Lemma right_graph_rev n l a b : right_graph n l a b <-> left_graph rev_lang n (rev l) a b.
Proof. by rewrite /left_graph /rev_lang size_rev revK !rev_cons revK. Qed.

Hypothesis L_behead : forall a w, L (a :: w) -> L w.
Hypothesis L_belast : forall w b, L (rcons w b) -> L w.
Hypothesis L_extendr : forall w, L w -> exists b, L (rcons w b).
Hypothesis L_letter : forall a, L [:: a].

Theorem dendric_lang_rightP :
  dendric_lang L <-> forall n, label_acyclic (right_graph n) /\ mg_connected (right_graph n).
Proof.
have rev_behead a w : rev_lang (a :: w) -> rev_lang w.
  by rewrite /rev_lang rev_cons => /L_belast.
have rev_belast w b : rev_lang (rcons w b) -> rev_lang w.
  by rewrite /rev_lang rev_rcons => /L_behead.
have rev_extendl w : rev_lang w -> exists a, rev_lang (a :: w).
  by move=> /L_extendr[b Lb]; exists b; rewrite /rev_lang rev_cons.
rewrite dendric_lang_rev (dendric_lang_leftP rev_behead rev_belast rev_extendl L_letter).
have rev_inj := can_inj (@revK A).
split=> graphs n; have [acyc conn] := graphs n; split.
- by apply: label_acyclic_relabel rev_inj _ acyc => l a b /right_graph_rev.
- apply: mg_connected_relabel conn => l a b Gab; exists (rev l).
  by apply/right_graph_rev; rewrite revK.
- apply: label_acyclic_relabel rev_inj _ acyc => l a b Gab.
  by apply/right_graph_rev; rewrite revK.
- by apply: mg_connected_relabel conn => l a b /right_graph_rev Gab; exists (rev l).
Qed.

End RightGraphs.

Section ShiftLanguage.
Variables (A : finType) (X : point A -> Prop).

Lemma occursP (w : seq A) x i d : occurs w x i <->
  forall k, k < size w -> x (i + k%:Z)%R = nth d w k.
Proof.
split=> [xw k kw | xw]; first by rewrite -xw (nth_map 0) ?size_iota // nth_iota.
apply: (@eq_from_nth _ d); rewrite size_map size_iota // => k kw.
by rewrite (nth_map 0) ?size_iota // nth_iota // add0n xw.
Qed.

Lemma lang_behead a w : lang X (a :: w) -> lang X w.
Proof.
case=> x [Xx [i /(occursP _ _ _ a) xw]]; exists x; split=> //; exists (i + 1)%R.
apply/(occursP _ _ _ a) => k kw; rewrite -[RHS]/(nth a (a :: w) k.+1) -xw //; congr x; lia.
Qed.

Lemma lang_belast w b : lang X (rcons w b) -> lang X w.
Proof.
case=> x [Xx [i /(occursP _ _ _ b) xw]]; exists x; split=> //; exists i.
apply/(occursP _ _ _ b) => k kw.
by rewrite xw ?nth_rcons ?kw // size_rcons ltnW.
Qed.

Lemma lang_extendl w : lang X w -> exists a, lang X (a :: w).
Proof.
case=> x [Xx [i /(occursP _ _ _ (x i)) xw]]; exists (x (i - 1)%R), x; split=> //.
exists (i - 1)%R; apply/(occursP _ _ _ (x i)) => -[|k] kw /=; first by congr x; lia.
by rewrite -xw //; congr x; lia.
Qed.

Lemma lang_extendr w : lang X w -> exists b, lang X (rcons w b).
Proof.
case=> x [Xx [i /(occursP _ _ _ (x i)) xw]]; exists (x (i + (size w)%:Z)%R), x.
split=> //; exists i; apply/(occursP _ _ _ (x i)) => k.
rewrite size_rcons ltnS leq_eqVlt nth_rcons => /orP[/eqP-> | kw]; first by rewrite ltnn eqxx.
by rewrite kw xw.
Qed.

End ShiftLanguage.

Theorem mainTheorem7 (A : finType) (X : point A -> Prop)
    (HX : shift_space X) (Halph : forall a : A, lang X [:: a]) :
  (dendric X <->
     forall n : nat, label_acyclic (GL X n) /\ mg_connected (GL X n)) /\
  (dendric X <->
     forall n : nat, label_acyclic (GR X n) /\ mg_connected (GR X n)).
Proof.
have behead := @lang_behead A X; have belast := @lang_belast A X.
split; first exact: dendric_lang_leftP behead belast (@lang_extendl A X) Halph.
exact: dendric_lang_rightP behead belast (@lang_extendr A X) Halph.
Qed.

■ Exercise description
Begin with the first line of the records and finish with the line containing "Hypothesis L_belast : forall". Reproduce those lines exactly, both ends included, and nothing else.

■ Answer section
Lemma right_graph_rev n l a b : right_graph n l a b <-> left_graph rev_lang n (rev l) a b.
Proof. by rewrite /left_graph /rev_lang size_rev revK !rev_cons revK. Qed.

Hypothesis L_behead : forall a w, L (a :: w) -> L w.
Hypothesis L_belast : forall w b, L (rcons w b) -> L w.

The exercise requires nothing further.